- TASK ITEM
Copy exactly the lines of the data below that run from the line holding "exists s : seq" through the line holding "meets the caches", both ends included.

━━━━━ RECORDS PROVIDED ━━━━━

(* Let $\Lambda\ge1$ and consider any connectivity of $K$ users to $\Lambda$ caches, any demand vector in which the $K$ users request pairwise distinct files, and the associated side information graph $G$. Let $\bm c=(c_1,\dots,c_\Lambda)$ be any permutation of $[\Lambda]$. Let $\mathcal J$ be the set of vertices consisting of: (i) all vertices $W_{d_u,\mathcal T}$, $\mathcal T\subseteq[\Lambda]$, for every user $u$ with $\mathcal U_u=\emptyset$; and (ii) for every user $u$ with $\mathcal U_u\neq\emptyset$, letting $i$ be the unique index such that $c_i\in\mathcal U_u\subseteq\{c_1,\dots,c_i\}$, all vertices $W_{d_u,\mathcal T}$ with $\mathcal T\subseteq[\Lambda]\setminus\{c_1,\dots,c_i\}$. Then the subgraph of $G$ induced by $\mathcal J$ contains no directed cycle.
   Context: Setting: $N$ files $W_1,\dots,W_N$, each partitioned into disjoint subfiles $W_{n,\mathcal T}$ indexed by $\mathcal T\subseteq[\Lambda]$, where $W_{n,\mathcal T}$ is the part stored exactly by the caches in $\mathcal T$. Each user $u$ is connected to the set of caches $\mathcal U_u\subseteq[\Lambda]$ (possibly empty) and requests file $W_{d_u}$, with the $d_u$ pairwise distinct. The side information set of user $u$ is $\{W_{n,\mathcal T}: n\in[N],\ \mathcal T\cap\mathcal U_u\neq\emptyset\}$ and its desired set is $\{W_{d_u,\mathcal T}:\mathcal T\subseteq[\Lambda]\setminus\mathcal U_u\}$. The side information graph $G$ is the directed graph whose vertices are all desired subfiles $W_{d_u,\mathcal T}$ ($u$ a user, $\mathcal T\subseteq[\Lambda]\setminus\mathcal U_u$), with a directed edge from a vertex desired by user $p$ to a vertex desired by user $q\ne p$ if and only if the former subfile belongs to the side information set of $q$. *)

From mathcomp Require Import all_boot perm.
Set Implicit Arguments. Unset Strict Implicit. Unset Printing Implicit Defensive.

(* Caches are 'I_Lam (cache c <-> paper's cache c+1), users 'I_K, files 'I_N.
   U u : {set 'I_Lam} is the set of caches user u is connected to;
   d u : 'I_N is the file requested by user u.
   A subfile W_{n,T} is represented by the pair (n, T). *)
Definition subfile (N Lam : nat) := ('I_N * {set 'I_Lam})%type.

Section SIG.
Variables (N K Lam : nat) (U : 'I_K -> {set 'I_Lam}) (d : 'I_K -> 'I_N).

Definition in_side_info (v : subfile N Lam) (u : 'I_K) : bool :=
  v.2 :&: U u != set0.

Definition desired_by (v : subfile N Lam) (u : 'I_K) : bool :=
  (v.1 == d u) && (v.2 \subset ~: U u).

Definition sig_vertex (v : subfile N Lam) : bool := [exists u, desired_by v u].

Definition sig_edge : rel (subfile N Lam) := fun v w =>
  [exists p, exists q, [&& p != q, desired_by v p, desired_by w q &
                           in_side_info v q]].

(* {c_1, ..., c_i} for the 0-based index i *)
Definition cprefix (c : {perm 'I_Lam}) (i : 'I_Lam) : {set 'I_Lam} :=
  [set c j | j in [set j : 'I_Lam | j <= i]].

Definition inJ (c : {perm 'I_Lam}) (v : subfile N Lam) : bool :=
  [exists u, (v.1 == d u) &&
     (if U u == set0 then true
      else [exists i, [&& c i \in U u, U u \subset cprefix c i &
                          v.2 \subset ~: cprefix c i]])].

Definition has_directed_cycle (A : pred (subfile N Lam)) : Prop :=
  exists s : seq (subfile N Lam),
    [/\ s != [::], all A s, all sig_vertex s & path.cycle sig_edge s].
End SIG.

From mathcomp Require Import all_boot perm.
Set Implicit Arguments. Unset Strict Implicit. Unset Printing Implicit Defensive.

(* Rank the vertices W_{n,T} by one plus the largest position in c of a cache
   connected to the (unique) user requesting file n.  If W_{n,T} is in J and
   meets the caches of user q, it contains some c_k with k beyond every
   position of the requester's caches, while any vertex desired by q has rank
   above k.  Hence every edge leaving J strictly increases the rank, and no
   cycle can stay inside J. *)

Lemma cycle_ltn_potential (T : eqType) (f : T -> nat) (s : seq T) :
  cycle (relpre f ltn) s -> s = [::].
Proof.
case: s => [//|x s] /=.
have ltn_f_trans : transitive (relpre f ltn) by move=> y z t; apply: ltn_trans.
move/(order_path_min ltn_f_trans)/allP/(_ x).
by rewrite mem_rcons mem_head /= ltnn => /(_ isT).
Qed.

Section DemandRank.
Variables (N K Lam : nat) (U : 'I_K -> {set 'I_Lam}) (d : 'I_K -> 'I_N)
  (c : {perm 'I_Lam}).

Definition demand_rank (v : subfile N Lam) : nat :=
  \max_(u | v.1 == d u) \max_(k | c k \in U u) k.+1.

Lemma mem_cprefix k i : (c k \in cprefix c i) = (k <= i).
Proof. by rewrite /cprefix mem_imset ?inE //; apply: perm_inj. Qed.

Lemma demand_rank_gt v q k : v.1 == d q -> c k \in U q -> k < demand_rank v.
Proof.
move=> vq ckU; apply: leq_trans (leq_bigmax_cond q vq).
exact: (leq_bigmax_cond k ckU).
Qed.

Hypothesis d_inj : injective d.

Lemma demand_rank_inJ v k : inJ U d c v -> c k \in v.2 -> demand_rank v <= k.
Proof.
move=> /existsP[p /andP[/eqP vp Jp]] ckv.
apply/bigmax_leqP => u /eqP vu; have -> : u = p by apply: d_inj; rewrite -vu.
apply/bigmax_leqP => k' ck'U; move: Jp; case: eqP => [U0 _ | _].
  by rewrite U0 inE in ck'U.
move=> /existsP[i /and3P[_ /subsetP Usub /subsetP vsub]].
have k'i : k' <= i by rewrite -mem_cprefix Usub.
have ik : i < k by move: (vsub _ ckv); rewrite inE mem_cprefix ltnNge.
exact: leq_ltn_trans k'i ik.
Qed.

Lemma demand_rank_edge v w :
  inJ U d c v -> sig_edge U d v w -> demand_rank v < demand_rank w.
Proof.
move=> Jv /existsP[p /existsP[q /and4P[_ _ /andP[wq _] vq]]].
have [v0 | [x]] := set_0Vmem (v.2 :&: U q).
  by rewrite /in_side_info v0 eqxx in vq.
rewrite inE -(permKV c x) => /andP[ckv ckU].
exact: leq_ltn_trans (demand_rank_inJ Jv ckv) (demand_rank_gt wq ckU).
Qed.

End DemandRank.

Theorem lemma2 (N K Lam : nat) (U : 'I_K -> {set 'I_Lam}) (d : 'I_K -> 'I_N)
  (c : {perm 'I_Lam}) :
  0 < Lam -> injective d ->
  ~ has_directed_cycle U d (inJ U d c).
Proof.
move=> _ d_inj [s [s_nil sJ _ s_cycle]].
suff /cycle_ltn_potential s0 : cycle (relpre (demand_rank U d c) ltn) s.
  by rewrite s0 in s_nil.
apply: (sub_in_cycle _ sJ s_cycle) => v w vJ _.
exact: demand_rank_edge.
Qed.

━━━━━

- RESULT FOR THIS EXERCISE
  exists s : seq (subfile N Lam),
    [/\ s != [::], all A s, all sig_vertex s & path.cycle sig_edge s].
End SIG.

From mathcomp Require Import all_boot perm.
Set Implicit Arguments. Unset Strict Implicit. Unset Printing Implicit Defensive.

(* Rank the vertices W_{n,T} by one plus the largest position in c of a cache
   connected to the (unique) user requesting file n.  If W_{n,T} is in J and
   meets the caches of user q, it contains some c_k with k beyond every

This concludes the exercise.